====== Data section ======

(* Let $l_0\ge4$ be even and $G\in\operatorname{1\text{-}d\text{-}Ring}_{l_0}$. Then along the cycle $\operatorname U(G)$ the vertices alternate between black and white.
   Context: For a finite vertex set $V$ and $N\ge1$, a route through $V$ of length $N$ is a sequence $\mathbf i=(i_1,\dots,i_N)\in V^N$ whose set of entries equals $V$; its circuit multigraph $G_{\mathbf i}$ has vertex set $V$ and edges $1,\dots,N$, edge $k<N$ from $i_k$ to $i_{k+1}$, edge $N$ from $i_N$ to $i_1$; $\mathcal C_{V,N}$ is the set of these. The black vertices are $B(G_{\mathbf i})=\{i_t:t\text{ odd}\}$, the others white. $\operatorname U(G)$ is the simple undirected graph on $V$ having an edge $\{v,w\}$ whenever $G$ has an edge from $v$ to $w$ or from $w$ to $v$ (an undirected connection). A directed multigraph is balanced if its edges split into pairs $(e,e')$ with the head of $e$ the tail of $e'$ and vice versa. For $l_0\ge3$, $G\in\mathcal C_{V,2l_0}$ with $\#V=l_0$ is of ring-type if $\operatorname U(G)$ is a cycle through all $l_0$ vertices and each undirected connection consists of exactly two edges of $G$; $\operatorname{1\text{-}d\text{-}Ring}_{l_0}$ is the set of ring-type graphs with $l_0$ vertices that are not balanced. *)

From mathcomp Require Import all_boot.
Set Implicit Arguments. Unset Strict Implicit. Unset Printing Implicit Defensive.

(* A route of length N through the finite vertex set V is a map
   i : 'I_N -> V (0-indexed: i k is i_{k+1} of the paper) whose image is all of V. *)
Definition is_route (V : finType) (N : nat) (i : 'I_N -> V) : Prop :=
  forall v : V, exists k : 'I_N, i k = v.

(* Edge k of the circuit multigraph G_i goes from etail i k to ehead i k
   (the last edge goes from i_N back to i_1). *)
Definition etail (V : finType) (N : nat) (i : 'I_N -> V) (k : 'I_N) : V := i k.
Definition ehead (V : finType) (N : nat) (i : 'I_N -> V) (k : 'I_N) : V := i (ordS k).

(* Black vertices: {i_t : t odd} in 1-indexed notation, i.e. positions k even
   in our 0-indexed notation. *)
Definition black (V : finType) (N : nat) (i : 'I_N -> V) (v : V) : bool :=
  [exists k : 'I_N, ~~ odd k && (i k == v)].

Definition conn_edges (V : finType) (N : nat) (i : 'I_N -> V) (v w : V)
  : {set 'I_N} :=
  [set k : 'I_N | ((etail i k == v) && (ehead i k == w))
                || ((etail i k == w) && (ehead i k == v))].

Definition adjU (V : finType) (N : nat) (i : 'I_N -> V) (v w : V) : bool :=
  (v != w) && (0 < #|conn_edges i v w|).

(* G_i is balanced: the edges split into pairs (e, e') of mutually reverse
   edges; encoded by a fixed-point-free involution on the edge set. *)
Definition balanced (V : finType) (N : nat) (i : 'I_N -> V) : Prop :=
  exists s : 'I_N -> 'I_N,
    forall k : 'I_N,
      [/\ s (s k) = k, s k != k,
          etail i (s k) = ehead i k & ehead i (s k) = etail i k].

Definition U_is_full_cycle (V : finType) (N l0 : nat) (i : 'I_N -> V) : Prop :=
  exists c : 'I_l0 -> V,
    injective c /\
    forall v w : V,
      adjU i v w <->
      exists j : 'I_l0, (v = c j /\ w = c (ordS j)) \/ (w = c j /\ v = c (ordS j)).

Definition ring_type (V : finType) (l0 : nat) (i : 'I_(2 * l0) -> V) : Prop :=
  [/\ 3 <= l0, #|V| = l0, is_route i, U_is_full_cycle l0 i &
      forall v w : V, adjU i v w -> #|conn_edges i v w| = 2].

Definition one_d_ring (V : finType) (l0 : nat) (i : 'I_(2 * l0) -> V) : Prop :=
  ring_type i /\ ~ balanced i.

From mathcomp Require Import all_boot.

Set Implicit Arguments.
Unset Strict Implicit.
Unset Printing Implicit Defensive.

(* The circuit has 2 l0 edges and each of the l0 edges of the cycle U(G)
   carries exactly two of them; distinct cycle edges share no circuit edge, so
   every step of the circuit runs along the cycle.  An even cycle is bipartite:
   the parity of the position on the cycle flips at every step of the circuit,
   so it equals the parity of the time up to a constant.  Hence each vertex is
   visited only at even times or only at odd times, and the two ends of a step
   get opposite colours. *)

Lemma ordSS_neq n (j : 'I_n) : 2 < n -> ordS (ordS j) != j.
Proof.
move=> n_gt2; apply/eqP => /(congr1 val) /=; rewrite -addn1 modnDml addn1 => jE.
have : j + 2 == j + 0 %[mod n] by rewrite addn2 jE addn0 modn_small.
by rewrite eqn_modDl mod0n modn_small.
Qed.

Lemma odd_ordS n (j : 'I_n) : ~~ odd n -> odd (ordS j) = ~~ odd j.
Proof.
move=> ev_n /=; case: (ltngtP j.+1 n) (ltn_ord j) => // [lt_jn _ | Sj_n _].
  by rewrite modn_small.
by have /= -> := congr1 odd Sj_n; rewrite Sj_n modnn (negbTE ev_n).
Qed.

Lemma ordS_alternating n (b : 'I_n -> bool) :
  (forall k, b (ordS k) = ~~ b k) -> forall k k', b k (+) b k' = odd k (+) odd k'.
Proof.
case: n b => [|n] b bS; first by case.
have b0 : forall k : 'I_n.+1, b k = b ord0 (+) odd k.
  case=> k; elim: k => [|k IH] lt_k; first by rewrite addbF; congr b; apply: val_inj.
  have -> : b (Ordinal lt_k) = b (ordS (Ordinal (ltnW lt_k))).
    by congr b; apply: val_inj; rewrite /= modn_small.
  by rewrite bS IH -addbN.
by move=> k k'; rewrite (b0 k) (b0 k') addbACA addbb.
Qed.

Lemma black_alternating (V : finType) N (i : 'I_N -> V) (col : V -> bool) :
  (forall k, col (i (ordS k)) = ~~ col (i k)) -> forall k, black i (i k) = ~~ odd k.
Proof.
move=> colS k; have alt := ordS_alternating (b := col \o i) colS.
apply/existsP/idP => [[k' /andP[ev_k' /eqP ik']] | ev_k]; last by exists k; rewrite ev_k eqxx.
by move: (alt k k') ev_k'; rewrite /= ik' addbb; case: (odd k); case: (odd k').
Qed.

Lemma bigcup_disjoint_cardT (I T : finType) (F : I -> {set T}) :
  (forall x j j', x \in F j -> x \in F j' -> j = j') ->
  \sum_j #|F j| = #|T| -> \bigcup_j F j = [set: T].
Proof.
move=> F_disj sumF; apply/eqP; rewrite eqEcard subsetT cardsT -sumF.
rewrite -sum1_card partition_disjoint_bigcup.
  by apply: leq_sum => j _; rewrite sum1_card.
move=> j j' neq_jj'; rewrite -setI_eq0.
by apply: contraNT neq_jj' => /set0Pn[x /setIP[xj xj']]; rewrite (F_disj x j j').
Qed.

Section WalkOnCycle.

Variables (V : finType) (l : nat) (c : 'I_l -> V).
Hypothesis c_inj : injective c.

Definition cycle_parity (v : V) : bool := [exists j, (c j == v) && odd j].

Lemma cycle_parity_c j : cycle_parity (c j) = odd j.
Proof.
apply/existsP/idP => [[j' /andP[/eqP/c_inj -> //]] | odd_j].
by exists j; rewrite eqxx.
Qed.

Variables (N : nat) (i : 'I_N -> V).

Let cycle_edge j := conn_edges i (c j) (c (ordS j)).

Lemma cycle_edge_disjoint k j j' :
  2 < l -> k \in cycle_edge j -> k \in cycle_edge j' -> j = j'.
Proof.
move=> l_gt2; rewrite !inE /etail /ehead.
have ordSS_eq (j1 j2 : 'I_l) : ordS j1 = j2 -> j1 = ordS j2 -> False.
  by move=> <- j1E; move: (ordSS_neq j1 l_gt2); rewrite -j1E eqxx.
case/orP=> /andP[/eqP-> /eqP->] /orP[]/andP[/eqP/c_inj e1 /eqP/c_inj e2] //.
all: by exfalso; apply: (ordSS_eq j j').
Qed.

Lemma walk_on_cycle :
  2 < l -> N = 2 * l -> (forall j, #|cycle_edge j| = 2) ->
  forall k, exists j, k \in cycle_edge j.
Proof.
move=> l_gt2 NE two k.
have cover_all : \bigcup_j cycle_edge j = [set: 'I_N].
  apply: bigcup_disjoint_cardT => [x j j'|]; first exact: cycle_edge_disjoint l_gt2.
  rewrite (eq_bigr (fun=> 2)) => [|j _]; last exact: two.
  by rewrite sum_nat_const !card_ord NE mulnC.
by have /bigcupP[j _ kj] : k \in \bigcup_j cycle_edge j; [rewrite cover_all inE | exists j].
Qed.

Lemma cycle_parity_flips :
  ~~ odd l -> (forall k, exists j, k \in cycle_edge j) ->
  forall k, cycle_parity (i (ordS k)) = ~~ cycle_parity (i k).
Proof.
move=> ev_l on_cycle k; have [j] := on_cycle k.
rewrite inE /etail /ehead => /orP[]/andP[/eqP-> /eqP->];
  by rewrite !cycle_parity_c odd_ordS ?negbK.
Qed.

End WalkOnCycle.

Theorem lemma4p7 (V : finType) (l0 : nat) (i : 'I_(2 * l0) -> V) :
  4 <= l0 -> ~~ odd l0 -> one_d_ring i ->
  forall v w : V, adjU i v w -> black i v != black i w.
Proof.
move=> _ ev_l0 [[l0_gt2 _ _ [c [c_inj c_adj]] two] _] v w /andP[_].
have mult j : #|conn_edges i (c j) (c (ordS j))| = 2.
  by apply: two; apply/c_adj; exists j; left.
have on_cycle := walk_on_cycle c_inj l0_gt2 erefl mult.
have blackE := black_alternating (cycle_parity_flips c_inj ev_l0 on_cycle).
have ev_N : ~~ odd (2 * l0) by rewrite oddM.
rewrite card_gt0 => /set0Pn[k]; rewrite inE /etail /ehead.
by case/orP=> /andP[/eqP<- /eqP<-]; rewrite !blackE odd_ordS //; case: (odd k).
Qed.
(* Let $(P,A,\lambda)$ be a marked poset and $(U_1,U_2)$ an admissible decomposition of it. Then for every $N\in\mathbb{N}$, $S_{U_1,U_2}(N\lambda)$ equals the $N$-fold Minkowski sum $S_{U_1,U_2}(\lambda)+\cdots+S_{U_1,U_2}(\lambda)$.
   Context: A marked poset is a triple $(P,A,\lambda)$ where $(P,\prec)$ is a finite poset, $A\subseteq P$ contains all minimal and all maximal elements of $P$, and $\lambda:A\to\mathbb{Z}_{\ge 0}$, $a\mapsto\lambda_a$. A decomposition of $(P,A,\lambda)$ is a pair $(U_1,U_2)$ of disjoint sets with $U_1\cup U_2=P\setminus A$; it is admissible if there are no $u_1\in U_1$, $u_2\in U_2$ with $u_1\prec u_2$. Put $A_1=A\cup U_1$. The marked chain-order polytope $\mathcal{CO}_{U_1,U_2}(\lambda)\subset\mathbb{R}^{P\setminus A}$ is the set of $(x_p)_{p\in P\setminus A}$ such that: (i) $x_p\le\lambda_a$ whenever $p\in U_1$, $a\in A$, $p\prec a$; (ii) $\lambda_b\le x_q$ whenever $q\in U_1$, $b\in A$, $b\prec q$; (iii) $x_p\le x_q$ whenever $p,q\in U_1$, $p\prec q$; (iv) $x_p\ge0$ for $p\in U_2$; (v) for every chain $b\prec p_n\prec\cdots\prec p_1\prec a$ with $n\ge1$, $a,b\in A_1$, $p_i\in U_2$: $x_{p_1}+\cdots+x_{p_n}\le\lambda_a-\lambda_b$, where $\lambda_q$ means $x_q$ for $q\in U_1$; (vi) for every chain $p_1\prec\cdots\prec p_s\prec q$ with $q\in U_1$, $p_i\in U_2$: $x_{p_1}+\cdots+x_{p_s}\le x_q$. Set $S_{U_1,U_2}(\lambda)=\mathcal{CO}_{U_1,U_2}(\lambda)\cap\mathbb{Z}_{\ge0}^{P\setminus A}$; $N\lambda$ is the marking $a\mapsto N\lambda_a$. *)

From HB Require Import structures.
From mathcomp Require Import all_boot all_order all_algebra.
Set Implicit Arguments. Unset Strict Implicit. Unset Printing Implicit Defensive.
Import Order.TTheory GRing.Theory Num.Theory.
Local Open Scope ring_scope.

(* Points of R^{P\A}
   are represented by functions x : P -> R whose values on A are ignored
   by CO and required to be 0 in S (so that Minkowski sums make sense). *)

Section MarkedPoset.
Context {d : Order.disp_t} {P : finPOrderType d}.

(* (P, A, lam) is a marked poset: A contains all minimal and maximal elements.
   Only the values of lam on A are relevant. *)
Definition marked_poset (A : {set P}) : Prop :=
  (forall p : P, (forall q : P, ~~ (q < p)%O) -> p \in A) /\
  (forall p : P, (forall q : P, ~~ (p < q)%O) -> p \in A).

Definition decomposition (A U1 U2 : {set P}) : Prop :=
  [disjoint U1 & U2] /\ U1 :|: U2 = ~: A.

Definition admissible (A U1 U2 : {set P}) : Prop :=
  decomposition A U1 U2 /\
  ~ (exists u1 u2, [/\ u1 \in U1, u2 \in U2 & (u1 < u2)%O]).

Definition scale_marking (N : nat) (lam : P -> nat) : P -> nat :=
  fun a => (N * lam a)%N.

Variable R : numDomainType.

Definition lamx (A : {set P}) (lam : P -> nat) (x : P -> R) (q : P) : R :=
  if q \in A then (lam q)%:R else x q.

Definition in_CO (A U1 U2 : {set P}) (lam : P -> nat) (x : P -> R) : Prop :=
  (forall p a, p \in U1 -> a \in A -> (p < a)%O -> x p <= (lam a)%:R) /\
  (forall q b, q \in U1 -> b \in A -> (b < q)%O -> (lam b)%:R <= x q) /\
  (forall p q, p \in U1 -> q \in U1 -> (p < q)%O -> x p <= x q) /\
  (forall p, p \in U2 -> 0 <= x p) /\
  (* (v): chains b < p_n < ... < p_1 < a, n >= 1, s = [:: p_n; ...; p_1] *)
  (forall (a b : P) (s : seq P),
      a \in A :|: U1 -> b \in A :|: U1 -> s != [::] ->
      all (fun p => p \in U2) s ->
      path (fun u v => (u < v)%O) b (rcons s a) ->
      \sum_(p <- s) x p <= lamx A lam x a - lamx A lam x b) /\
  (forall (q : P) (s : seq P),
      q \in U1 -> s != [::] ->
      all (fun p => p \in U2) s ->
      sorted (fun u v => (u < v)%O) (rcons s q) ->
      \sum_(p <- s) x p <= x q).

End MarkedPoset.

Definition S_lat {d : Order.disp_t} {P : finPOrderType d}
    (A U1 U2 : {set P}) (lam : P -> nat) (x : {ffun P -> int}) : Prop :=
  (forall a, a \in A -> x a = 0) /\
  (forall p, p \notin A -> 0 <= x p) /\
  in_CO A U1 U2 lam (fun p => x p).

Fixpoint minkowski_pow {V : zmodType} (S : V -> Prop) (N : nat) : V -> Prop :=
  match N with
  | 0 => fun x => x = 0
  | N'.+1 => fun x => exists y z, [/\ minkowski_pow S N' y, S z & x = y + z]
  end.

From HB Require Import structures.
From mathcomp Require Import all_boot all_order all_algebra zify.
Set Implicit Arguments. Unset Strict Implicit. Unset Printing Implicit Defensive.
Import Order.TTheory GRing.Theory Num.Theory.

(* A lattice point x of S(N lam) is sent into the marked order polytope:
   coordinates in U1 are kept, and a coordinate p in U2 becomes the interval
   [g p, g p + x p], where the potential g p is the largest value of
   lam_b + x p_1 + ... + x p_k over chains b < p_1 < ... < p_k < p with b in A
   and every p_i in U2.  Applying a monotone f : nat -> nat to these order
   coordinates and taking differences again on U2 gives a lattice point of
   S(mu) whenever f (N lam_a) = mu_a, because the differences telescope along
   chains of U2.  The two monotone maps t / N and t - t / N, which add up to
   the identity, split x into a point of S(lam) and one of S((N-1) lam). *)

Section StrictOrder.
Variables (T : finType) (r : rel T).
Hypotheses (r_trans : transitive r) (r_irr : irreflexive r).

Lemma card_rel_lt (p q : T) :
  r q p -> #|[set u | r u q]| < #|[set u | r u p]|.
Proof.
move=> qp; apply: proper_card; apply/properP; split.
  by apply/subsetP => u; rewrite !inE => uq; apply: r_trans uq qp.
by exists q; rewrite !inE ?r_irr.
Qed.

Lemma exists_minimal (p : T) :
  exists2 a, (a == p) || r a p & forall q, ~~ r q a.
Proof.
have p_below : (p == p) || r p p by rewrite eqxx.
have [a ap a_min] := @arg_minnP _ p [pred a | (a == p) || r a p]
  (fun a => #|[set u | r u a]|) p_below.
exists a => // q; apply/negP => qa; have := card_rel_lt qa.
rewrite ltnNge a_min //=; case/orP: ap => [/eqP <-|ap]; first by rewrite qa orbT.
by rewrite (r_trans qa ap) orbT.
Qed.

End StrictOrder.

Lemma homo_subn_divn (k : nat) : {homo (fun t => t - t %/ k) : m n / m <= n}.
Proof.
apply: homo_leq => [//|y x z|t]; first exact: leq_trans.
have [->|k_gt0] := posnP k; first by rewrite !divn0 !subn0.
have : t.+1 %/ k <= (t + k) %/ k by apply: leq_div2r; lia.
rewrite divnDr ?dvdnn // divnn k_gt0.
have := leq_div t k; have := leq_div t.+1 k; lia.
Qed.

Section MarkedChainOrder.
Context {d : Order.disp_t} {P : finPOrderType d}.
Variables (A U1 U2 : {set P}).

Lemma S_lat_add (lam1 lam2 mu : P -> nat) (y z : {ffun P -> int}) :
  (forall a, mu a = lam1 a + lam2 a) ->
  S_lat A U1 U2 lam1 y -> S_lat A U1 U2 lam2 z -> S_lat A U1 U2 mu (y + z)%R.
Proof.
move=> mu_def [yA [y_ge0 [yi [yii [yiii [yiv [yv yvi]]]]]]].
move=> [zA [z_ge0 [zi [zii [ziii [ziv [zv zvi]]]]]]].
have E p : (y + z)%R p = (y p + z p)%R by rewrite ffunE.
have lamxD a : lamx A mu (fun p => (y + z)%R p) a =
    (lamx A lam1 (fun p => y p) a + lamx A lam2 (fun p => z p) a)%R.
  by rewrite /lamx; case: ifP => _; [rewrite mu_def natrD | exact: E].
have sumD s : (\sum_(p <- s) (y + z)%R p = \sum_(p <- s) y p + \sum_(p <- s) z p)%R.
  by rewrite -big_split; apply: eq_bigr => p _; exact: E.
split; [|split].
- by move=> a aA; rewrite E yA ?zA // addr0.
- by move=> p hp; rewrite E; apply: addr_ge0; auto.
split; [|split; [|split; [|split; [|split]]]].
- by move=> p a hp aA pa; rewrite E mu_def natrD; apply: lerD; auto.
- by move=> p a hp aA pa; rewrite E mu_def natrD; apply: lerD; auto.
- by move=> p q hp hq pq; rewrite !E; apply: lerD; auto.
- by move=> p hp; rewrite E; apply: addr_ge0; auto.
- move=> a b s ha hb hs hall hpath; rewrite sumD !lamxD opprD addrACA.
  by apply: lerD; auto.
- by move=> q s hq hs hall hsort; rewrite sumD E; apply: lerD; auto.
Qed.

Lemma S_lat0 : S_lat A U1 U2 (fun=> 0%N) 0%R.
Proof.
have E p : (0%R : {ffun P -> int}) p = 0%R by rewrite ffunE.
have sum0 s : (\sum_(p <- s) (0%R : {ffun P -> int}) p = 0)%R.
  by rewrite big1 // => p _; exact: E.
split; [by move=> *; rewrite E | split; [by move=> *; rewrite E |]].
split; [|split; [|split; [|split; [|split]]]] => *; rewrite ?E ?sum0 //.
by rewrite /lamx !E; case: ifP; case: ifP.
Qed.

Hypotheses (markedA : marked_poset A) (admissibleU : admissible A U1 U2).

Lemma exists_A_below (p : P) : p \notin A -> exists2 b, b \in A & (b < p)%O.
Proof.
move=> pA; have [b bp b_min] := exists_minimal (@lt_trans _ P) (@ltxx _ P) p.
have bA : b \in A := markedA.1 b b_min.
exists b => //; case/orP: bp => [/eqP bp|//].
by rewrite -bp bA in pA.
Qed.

======

Task to complete ▸ Search the records for the string "etail" and report each line that has it.

Answer for this exercise ▸
(* Edge k of the circuit multigraph G_i goes from etail i k to ehead i k
Definition etail (V : finType) (N : nat) (i : 'I_N -> V) (k : 'I_N) : V := i k.
  [set k : 'I_N | ((etail i k == v) && (ehead i k == w))
                || ((etail i k == w) && (ehead i k == v))].
          etail i (s k) = ehead i k & ehead i (s k) = etail i k].
move=> l_gt2; rewrite !inE /etail /ehead.
rewrite inE /etail /ehead => /orP[]/andP[/eqP-> /eqP->];
rewrite card_gt0 => /set0Pn[k]; rewrite inE /etail /ehead.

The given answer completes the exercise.